Definition sign_tuple (R : realDomainType) n (y : 'rV[R]_n) : n.-tuple sign :=
  [tuple sign_of (y 0 i) | i < n].

Lemma sign_runs_le_alt (R : realDomainType) n (y : 'rV[R]_n) :
  (sign_runs (rowfun y) n <= alt (sign_tuple y))%N.
Proof.
have [mk [size_mk alt_mk <- _]] := alternating_mask_sign_runs (rowfun y) n.
have tupleE : [seq sign_of (rowfun y i) | i <- iota 0 n] = sign_tuple y.
  by rewrite /= -val_enum_ord -map_comp; apply: eq_map => i /=; rewrite rowfunE.
have size_mk' : size mk == n by rewrite size_mk.
rewrite tupleE in alt_mk *.
exact: (leq_bigmax_cond (Tuple size_mk') alt_mk).
Qed.

Lemma Xplus_sign_tuple (R : realDomainType) n (y : 'rV[R]_n) :
  Xplus (sign_tuple y) = [set i | 0 < y 0 i].
Proof. by apply/setP => i; rewrite !inE tnth_mktuple sign_of_eq_pos. Qed.

Lemma Xminus_sign_tuple (R : realDomainType) n (y : 'rV[R]_n) :
  Xminus (sign_tuple y) = [set i | y 0 i < 0].
Proof. by apply/setP => i; rewrite !inE tnth_mktuple sign_of_eq_neg. Qed.

Section SignRunsPoly.
Variables (R : realFieldType) (y : nat -> R).

Lemma sign_runs_poly m : last_nonzero y m != 0 -> exists p : {poly R},
  [/\ (size p <= sign_runs y m)%N,
      forall i, (i < m)%N -> y i != 0 -> 0 < p.[i%:R] * y i
    & forall t, m.-1%:R <= t -> 0 < p.[t] * last_nonzero y m].
Proof.
elim: m => [|m IH] /=; first by rewrite eqxx.
have le_m (t : R) : m%:R <= t -> m.-1%:R <= t.
  by apply: le_trans; rewrite ler_nat leq_pred.
case: (eqVneq (y m) 0) => [ym0 /IH [p [size_p p_y p_l]]|ym0 _] /=.
  exists p; split=> // [i|t /le_m/p_l//].
  by rewrite ltnS leq_eqVlt => /predU1P[->|/p_y//]; rewrite ym0 eqxx.
case: (eqVneq (last_nonzero y m) 0) => [l0|l0].
  exists (y m)%:P; rewrite l0 mulr0 lexx size_polyC ym0; split=> // [i|t _].
    rewrite ltnS leq_eqVlt => /predU1P[->|/(last_nonzero_eq0 l0)->]; last by rewrite eqxx.
    by rewrite hornerC => _; nra.
  by rewrite hornerC; nra.
have [p [size_p p_y p_l]] := IH l0.
have p_m : 0 < p.[m%:R] * last_nonzero y m by apply: p_l; rewrite ler_nat leq_pred.
case: lerP => [yl_le0|yl_gt0] /=; last first.
  exists p; split=> // [i|t /le_m/p_l]; last by nra.
  by rewrite ltnS leq_eqVlt => /predU1P[->|/p_y//] _; nra.
have yl_lt0 : y m * last_nonzero y m < 0 by rewrite lt_neqAle yl_le0 mulf_neq0.
(* The sign changes between the last nonzero term before m and y m:
   add a root at m - 1/2. *)
exists (p * ((m%:R - 2^-1)%:P - 'X)); split.
- apply: leq_trans (size_polyMleq _ _) _.
  by rewrite -opprB size_polyN size_XsubC addn2.
- move=> i; rewrite ltnS leq_eqVlt => /predU1P[->|lt_im y0]; rewrite !hornerE.
    by nra.
  have := p_y i lt_im y0; have : i%:R + 1 <= m%:R :> R by rewrite natr1 ler_nat.
  nra.
- move=> t le_mt; have pl_t := p_l t (le_m t le_mt); rewrite !hornerE.
  have py_t : p.[t] * y m < 0.
    have l2 : 0 < last_nonzero y m ^+ 2 by rewrite exprn_even_gt0.
    by rewrite -(pmulr_llt0 _ l2); nra.
  have : 0 < 2^-1 :> R by rewrite invr_gt0 ltr0n.
  nra.
Qed.

End SignRunsPoly.

Lemma orthogonal_poly_sign_runs (R : realFieldType) (y : nat -> R) (n a : nat) :
  (exists2 k, (k < n)%N & y k != 0) ->
  (forall p : {poly R}, (size p <= a)%N -> \sum_(i < n) y i * p.[i%:R] = 0) ->
  (a < sign_runs y n)%N.
Proof.
move=> [k lt_kn yk0] orth; rewrite ltnNge; apply/negP => runs_le.
have l0 : last_nonzero y n != 0.
  by apply: contra yk0 => /eqP/last_nonzero_eq0/(_ k lt_kn)->.
have [p [size_p p_y _]] := sign_runs_poly l0.
have : 0 < \sum_(i < n) y i * p.[i%:R].
  rewrite (bigD1 (Ordinal lt_kn)) //= ltr_pwDl //; first by rewrite mulrC p_y.
  apply: sumr_ge0 => i _; have [-> | yi0] := eqVneq (y i) 0; first by rewrite mul0r.
  by rewrite mulrC ltW ?p_y.
by rewrite orth ?ltxx // (leq_trans size_p).
Qed.

Lemma Vandermonde_orthogonal_poly (R : comNzRingType) n a (y : 'rV[R]_n) (p : {poly R}) :
  y *m (Vandermonde a (\row_(i < n) i%:R))^T = 0 -> (size p <= a)%N ->
  \sum_(i < n) y 0 i * p.[i%:R] = 0.
Proof.
move=> yV size_p.
under eq_bigr do rewrite (horner_coef_wide _ size_p) mulr_sumr.
rewrite exchange_big big1 // => j _.
have yVj : \sum_(i < n) y 0 i * i%:R ^+ j = 0.
  have := congr1 (fun M : 'rV_a => M 0 j) yV; rewrite !mxE => yVj0.
  by rewrite -[RHS]yVj0; apply: eq_bigr => i _; rewrite !mxE.
under eq_bigr do rewrite mulrCA.
by rewrite -mulr_sumr yVj mulr0.
Qed.

Lemma row_free_annihilator (F : fieldType) m n k (A : 'M[F]_(m, n)) :
  (k <= m - \rank A)%N -> exists2 W : 'M[F]_(k, m), row_free W & W *m A = 0.
Proof.
rewrite -mxrank_ker => le_k; set B := row_base (kermx A).
exists (pid_mx k *m B).
  by rewrite /row_free mxrankMfree ?row_base_free // rank_pid_mx // eq_row_base.
by apply/sub_kermxP; apply: submx_trans (submxMl _ _) _; rewrite eq_row_base.
Qed.

Lemma exists_vanishing (F : fieldType) k n (W : 'M[F]_(k, n)) (S : {set 'I_n}) :
  (#|S| < k)%N -> exists2 x : 'rV[F]_k, x != 0 & {in S, forall s, (x *m W) 0 s = 0}.
Proof.
move=> lt_Sk; set C := colsub (fun i : 'I_#|S| => enum_val i) W.
have : kermx C != 0.
  by rewrite -mxrank_eq0 mxrank_ker subn_eq0 -ltnNge (leq_ltn_trans (rank_leq_col C)).
case/rowV0Pn => x /sub_kermxP xC0 x0; exists x => // s Ss.
have := congr1 (fun M : 'rV_#|S| => M 0 (enum_rank_in Ss s)) xC0.
by rewrite /C mulmx_colsub !mxE enum_rankK_in.
Qed.

Lemma exists_subset_card (T : finType) (A : {set T}) k : (k <= #|A|)%N ->
  exists2 S : {set T}, S \subset A & #|S| = k.
Proof.
case/card_geqP => s [uniq_s <- sA]; exists [set x in s].
  by apply/subsetP => x; rewrite inE => /sA.
by rewrite cardsE (card_uniqP uniq_s).
Qed.

Section VandermondeAnnihilator.
Variables (R : realFieldType) (n a d : nat) (W : 'M[R]_(d.+1, n)).
Hypotheses (n_eq : (d.+1 + a)%N = n) (W_free : row_free W)
  (W_ann : W *m (Vandermonde a (\row_(i < n) i%:R))^T = 0).
Implicit Type x : 'rV[R]_d.+1.

Lemma sign_runs_mulmx x : x != 0 -> (a < sign_runs (rowfun (x *m W)) n)%N.
Proof.
move=> x0; have xW0 : x *m W != 0 by rewrite mulmx_free_eq0.
apply: orthogonal_poly_sign_runs => [|p size_p].
  by have [k xWk] := rV0Pn _ xW0; exists k => //; rewrite rowfunE.
under eq_bigr do rewrite rowfunE.
by apply: (Vandermonde_orthogonal_poly (a := a)); rewrite // -mulmxA W_ann mulmx0.
Qed.

Lemma card_zeros_mulmx x : x != 0 -> (#|[set i | (x *m W) 0 i == 0]%R| <= d)%N.
Proof.
move=> x0; set Z := [set i | _].
have nonzerosE : (\sum_(i < n) (rowfun (x *m W) i != 0%R))%N = #|~: Z|.
  rewrite -sum1dep_card [RHS]big_mkcond; apply: eq_bigr => i _.
  by rewrite rowfunE !inE; case: (_ == _).
have a_lt : (a < #|~: Z|)%N.
  by rewrite -nonzerosE (leq_trans (sign_runs_mulmx x0)) ?sign_runs_le_count.
have := cardsC Z; rewrite card_ord; lia.
Qed.

Lemma exists_vanishing_off (T : {set 'I_n}) j : #|T| = d -> j \notin T ->
  exists x, {in T, forall s, (x *m W) 0 s = 0} /\ (x *m W) 0 j != 0.
Proof.
move=> cardT jT; have [|x x0 xT] := exists_vanishing W (S := T); first by rewrite cardT.
exists x; split=> //; apply/negP => /eqP xj.
have : j |: T \subset [set i | (x *m W) 0 i == 0%R].
  by apply/subsetP => i; rewrite !inE => /predU1P[->|/xT->]; rewrite ?xj eqxx.
move/subset_leq_card; rewrite cardsU1 jT cardT => /leq_trans/(_ (card_zeros_mulmx x0)).
by rewrite ltnn.
Qed.

Lemma mulmx_col x i : (x *m W) 0 i = (x *m col i W) 0 0.
Proof. by rewrite colEsub mulmx_colsub !mxE. Qed.

Lemma col_neq0 i : col i W != 0.
Proof.
have [|T] := @exists_subset_card _ (~: [set i]) d; first by rewrite cardsC1 card_ord; lia.
move=> /subsetP sT cardT.
have [|x [_ xi]] := exists_vanishing_off cardT (j := i).
  by apply/negP => /sT; rewrite !inE eqxx.
by apply: contraNneq xi => Wi0; rewrite mulmx_col Wi0 mulmx0 mxE.
Qed.

Lemma col_not_parallel i j c : i != j -> (0 < d)%N -> col j W != c *: col i W.
Proof.
move=> ij d_gt0; have [|T] := @exists_subset_card _ (~: [set i; j]) d.-1.
  by have := cardsC [set i; j]; rewrite cards2 ij card_ord; lia.
move=> /subsetP sT cardT.
have iT : i \notin T by apply/negP => /sT; rewrite !inE eqxx.
have jiT : j \notin i |: T.
  by rewrite !inE negb_or eq_sym ij; apply/negP => /sT; rewrite !inE eqxx orbT.
have [|x [xT xj]] := exists_vanishing_off _ jiT; first by rewrite cardsU1 iT cardT; lia.
apply: contraNneq xj => Wj; rewrite mulmx_col Wj -scalemxAr mxE -mulmx_col.
by rewrite xT ?mulr0 // setU11.
Qed.

End VandermondeAnnihilator.

Section Normalize.
Variables (R : realType) (d : nat).
Implicit Types x u v : 'rV[R]_d.+1.

Lemma dotpZl x u c : dotp (c *: x) u = c * dotp x u.
Proof. by rewrite /dotp mulr_sumr; apply: eq_bigr => i _; rewrite mxE mulrA. Qed.

Lemma dotpZr x u c : dotp x (c *: u) = c * dotp x u.
Proof. by rewrite /dotp mulr_sumr; apply: eq_bigr => i _; rewrite mxE mulrCA. Qed.

Lemma dotpNl x u : dotp (- x) u = - dotp x u.
Proof. by rewrite /dotp -sumrN; apply: eq_bigr => i _; rewrite mxE mulNr. Qed.

Lemma dotp_gt0 u : u != 0 -> 0 < dotp u u.
Proof.
move=> u0; have [k uk0] := rV0Pn _ u0; rewrite /dotp (bigD1 k) //= ltr_pwDl //.
- by rewrite -expr2 exprn_even_gt0.
- by apply: sumr_ge0 => i _; rewrite -expr2 sqr_ge0.
Qed.

Lemma sphere_neq0 x : sphere x -> x != 0.
Proof.
apply: contraTneq => ->; rewrite /sphere /dotp big1 => [|i _]; last by rewrite mxE mul0r.
by rewrite eq_sym oner_eq0.
Qed.

Definition normalize u := (Num.sqrt (dotp u u))^-1 *: u.

Lemma sqrt_dotp_gt0 u : u != 0 -> 0 < Num.sqrt (dotp u u).
Proof. by move/dotp_gt0; rewrite sqrtr_gt0. Qed.

Lemma sphere_normalize u : u != 0 -> sphere (normalize u).
Proof.
move=> u0; rewrite /sphere /normalize dotpZl dotpZr mulrA -expr2 exprVn.
by rewrite sqr_sqrtr ?mulVf // ?gt_eqF ?ltW ?dotp_gt0.
Qed.

Lemma hemi_normalize x u : u != 0 -> hemi x (normalize u) = (0 < dotp x u).
Proof.
move=> u0; rewrite /hemi sphere_normalize // dotpZr.
by rewrite pmulr_rgt0 ?invr_gt0 ?sqrt_dotp_gt0.
Qed.

Lemma normalize_eq_parallel u v : v != 0 -> normalize u = normalize v ->
  exists c, v = c *: u.
Proof.
move=> v0 uv; exists (Num.sqrt (dotp v v) / Num.sqrt (dotp u u)).
by rewrite -scalerA -/(normalize u) uv scalerA divff ?scale1r ?gt_eqF ?sqrt_dotp_gt0.
Qed.

End Normalize.

Lemma dotp_col (R : realType) k n (x : 'rV[R]_k) (W : 'M[R]_(k, n)) i :
  dotp x (col i W)^T = (x *m W) 0 i.
Proof. by rewrite /dotp !mxE; apply: eq_bigr => j _; rewrite !mxE. Qed.

Lemma alt_gt_prop n (V : finType) (P : pred ({set V} * {set V})) (sigma : 'I_n -> V)
    (X : n.-tuple sign) :
  (alt_prop P sigma < alt X)%N -> P (Xsigma sigma X).
Proof. by apply: contraTT => nPX; rewrite -leqNgt; apply: leq_bigmax_cond. Qed.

****************

* _TASK DIRECTIONS_
All lines above from the one with "by rewrite ltnn." to the one with "have [|T] := @exists_subset_card _ (~: [set i])", inclusive, should be copied exactly, and no other lines.

* _TASK RESULT_
by rewrite ltnn.
Qed.

Lemma mulmx_col x i : (x *m W) 0 i = (x *m col i W) 0 0.
Proof. by rewrite colEsub mulmx_colsub !mxE. Qed.

Lemma col_neq0 i : col i W != 0.
Proof.
have [|T] := @exists_subset_card _ (~: [set i]) d; first by rewrite cardsC1 card_ord; lia.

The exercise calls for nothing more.